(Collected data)
-----

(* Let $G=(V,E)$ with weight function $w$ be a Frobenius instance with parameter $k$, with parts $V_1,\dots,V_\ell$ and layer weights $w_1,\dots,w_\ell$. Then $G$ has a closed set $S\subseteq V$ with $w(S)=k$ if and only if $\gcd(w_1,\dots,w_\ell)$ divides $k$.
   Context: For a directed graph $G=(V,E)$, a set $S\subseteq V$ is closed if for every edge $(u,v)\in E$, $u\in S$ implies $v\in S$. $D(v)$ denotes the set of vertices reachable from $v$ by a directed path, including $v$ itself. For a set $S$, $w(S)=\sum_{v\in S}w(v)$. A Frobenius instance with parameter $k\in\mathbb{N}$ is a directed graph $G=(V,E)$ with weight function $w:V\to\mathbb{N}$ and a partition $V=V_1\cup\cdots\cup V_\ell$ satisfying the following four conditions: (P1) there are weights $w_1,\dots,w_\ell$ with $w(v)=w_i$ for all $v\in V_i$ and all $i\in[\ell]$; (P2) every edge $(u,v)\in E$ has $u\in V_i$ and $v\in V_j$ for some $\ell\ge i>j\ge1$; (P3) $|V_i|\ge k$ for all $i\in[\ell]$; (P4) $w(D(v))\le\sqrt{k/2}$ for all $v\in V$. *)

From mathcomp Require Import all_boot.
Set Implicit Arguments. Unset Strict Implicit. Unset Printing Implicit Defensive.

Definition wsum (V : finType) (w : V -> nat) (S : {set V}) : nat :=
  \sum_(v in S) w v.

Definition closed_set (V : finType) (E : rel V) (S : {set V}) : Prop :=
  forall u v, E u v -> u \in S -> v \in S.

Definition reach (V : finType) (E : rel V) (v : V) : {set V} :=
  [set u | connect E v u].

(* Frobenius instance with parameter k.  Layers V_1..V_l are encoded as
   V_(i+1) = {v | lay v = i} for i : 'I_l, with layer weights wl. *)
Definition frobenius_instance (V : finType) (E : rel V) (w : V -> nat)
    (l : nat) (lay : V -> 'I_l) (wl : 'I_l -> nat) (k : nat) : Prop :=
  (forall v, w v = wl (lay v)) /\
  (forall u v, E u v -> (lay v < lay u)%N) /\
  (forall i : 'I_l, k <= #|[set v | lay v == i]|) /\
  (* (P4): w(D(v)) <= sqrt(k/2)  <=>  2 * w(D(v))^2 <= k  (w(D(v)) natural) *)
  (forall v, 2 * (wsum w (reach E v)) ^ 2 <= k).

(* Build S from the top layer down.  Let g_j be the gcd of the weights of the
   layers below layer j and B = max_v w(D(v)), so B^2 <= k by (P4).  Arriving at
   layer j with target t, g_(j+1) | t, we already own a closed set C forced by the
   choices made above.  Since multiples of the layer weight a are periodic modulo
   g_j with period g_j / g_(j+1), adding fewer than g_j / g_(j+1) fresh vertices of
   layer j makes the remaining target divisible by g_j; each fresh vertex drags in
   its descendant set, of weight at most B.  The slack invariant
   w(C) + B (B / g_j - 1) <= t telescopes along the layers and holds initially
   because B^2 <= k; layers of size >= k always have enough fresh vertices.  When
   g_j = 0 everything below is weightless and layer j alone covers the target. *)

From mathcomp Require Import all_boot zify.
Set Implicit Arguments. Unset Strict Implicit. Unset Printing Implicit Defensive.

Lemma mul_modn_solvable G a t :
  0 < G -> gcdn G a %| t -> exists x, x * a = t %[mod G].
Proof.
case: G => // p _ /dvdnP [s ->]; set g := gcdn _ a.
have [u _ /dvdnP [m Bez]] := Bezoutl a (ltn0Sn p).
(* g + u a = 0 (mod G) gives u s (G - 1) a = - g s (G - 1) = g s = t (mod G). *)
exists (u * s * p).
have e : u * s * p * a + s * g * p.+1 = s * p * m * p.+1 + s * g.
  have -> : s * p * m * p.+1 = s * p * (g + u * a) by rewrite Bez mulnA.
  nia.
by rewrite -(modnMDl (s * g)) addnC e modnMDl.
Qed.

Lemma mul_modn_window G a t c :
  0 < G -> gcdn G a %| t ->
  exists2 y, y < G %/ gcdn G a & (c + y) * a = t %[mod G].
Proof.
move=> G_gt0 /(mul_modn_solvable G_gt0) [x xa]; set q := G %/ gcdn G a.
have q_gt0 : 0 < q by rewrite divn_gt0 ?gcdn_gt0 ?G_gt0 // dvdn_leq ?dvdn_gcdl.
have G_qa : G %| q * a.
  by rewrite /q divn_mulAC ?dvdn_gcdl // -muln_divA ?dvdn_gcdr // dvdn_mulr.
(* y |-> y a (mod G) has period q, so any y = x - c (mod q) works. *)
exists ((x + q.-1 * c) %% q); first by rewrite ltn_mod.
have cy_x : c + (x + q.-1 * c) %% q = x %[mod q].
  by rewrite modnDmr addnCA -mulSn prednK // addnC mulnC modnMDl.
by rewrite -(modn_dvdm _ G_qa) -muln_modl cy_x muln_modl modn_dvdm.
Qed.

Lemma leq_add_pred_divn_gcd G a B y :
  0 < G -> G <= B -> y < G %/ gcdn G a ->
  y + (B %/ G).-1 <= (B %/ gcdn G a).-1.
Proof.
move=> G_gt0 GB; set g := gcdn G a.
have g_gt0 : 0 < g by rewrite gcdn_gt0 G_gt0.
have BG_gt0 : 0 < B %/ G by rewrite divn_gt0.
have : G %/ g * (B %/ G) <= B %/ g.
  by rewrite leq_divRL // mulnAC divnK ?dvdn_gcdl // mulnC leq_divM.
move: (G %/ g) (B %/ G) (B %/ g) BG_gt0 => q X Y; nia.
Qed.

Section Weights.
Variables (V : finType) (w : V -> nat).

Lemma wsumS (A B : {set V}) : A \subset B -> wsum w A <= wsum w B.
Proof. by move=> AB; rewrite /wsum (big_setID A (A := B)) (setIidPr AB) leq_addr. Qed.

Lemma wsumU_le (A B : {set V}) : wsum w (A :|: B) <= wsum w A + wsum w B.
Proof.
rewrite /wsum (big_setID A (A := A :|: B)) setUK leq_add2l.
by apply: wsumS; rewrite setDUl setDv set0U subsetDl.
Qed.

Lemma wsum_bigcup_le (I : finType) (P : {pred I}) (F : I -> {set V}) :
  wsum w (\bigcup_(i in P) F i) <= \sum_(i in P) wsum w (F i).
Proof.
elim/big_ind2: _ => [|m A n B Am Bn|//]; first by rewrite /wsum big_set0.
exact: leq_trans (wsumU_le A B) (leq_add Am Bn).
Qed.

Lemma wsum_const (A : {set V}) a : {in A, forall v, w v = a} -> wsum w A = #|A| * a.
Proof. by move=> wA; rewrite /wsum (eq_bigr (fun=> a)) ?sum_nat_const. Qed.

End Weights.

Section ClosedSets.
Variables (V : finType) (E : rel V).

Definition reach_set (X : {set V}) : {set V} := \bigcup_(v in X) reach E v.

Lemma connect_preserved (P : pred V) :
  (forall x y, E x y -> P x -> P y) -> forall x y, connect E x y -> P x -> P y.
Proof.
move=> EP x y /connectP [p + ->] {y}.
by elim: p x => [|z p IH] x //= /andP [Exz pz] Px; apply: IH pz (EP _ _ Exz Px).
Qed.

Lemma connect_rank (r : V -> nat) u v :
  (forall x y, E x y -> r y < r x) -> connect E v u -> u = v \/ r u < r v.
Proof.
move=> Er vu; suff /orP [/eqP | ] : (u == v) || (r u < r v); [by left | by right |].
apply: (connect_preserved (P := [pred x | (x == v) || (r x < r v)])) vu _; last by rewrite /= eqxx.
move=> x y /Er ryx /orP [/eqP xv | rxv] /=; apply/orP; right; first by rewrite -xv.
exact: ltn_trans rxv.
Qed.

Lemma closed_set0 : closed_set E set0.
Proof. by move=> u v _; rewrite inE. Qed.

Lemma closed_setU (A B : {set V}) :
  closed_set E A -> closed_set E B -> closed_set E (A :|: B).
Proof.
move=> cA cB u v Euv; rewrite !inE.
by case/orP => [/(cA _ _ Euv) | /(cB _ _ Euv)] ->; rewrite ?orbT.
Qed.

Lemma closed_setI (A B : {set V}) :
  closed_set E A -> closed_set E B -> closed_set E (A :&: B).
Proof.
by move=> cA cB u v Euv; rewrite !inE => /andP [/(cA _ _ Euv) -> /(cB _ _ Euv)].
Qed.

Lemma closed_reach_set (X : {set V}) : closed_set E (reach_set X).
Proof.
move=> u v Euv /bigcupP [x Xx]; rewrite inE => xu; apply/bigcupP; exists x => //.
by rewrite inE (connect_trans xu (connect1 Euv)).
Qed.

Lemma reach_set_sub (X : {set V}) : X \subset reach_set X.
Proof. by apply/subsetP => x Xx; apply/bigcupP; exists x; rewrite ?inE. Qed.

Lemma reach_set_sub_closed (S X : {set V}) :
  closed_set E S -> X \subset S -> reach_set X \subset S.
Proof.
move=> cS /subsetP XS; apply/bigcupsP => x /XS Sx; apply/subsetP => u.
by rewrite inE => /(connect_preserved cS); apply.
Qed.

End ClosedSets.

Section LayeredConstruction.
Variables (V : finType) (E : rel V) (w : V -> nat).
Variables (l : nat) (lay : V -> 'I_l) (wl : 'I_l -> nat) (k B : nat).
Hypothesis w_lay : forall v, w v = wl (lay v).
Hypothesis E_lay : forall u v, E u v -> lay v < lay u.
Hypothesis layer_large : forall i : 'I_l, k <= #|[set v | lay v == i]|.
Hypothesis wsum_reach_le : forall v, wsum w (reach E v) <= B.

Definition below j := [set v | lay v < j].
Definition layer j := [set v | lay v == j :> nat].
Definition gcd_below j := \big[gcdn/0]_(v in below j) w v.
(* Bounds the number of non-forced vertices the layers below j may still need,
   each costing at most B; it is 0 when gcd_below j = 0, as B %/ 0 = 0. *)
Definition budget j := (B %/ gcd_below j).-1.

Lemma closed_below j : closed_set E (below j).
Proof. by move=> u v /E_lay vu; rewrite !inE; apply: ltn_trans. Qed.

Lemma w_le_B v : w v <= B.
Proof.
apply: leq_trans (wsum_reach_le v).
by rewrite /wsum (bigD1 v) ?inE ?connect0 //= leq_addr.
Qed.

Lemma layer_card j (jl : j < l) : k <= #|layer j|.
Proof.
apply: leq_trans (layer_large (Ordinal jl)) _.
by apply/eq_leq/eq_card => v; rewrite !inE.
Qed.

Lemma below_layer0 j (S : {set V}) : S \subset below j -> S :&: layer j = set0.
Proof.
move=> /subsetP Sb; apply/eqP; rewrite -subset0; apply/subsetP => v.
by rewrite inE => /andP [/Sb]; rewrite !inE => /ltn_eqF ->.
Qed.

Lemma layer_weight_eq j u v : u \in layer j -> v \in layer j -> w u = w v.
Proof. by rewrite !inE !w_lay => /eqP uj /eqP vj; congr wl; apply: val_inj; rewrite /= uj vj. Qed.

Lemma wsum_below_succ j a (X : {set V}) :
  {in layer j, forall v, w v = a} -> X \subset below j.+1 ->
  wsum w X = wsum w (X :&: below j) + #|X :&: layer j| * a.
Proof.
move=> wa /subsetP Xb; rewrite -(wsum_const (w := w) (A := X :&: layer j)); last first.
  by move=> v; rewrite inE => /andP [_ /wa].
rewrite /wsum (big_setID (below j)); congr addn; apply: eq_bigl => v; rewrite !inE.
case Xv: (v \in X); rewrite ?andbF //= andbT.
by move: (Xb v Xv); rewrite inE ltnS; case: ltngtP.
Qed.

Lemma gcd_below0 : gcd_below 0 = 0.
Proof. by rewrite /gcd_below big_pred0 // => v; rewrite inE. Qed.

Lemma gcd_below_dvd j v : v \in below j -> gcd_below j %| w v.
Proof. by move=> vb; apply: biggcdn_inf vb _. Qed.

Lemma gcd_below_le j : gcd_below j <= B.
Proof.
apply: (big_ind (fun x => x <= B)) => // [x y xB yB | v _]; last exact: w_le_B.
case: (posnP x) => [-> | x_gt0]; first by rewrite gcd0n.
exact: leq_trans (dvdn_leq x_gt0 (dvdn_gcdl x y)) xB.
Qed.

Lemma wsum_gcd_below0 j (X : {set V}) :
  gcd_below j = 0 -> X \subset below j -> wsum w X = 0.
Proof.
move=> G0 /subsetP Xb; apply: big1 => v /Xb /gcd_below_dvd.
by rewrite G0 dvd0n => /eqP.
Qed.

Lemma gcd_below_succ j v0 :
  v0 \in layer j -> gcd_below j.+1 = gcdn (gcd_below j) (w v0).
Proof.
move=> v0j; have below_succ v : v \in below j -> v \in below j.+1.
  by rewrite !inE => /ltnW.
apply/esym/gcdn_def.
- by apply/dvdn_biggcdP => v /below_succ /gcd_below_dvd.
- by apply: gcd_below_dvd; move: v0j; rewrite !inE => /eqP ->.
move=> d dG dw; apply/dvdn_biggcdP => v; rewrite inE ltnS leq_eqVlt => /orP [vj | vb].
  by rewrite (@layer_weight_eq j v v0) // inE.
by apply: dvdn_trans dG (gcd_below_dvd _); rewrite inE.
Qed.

-----

• Problem to solve: Your answer should be the exact lines above from the one with "Lemma closed_reach_set (X" through the one with "Variables (V : finType) (E : rel V) (w", both included, and nothing besides.

• Your solution:
Lemma closed_reach_set (X : {set V}) : closed_set E (reach_set X).
Proof.
move=> u v Euv /bigcupP [x Xx]; rewrite inE => xu; apply/bigcupP; exists x => //.
by rewrite inE (connect_trans xu (connect1 Euv)).
Qed.

Lemma reach_set_sub (X : {set V}) : X \subset reach_set X.
Proof. by apply/subsetP => x Xx; apply/bigcupP; exists x; rewrite ?inE. Qed.

Lemma reach_set_sub_closed (S X : {set V}) :
  closed_set E S -> X \subset S -> reach_set X \subset S.
Proof.
move=> cS /subsetP XS; apply/bigcupsP => x /XS Sx; apply/subsetP => u.
by rewrite inE => /(connect_preserved cS); apply.
Qed.

End ClosedSets.

Section LayeredConstruction.
Variables (V : finType) (E : rel V) (w : V -> nat).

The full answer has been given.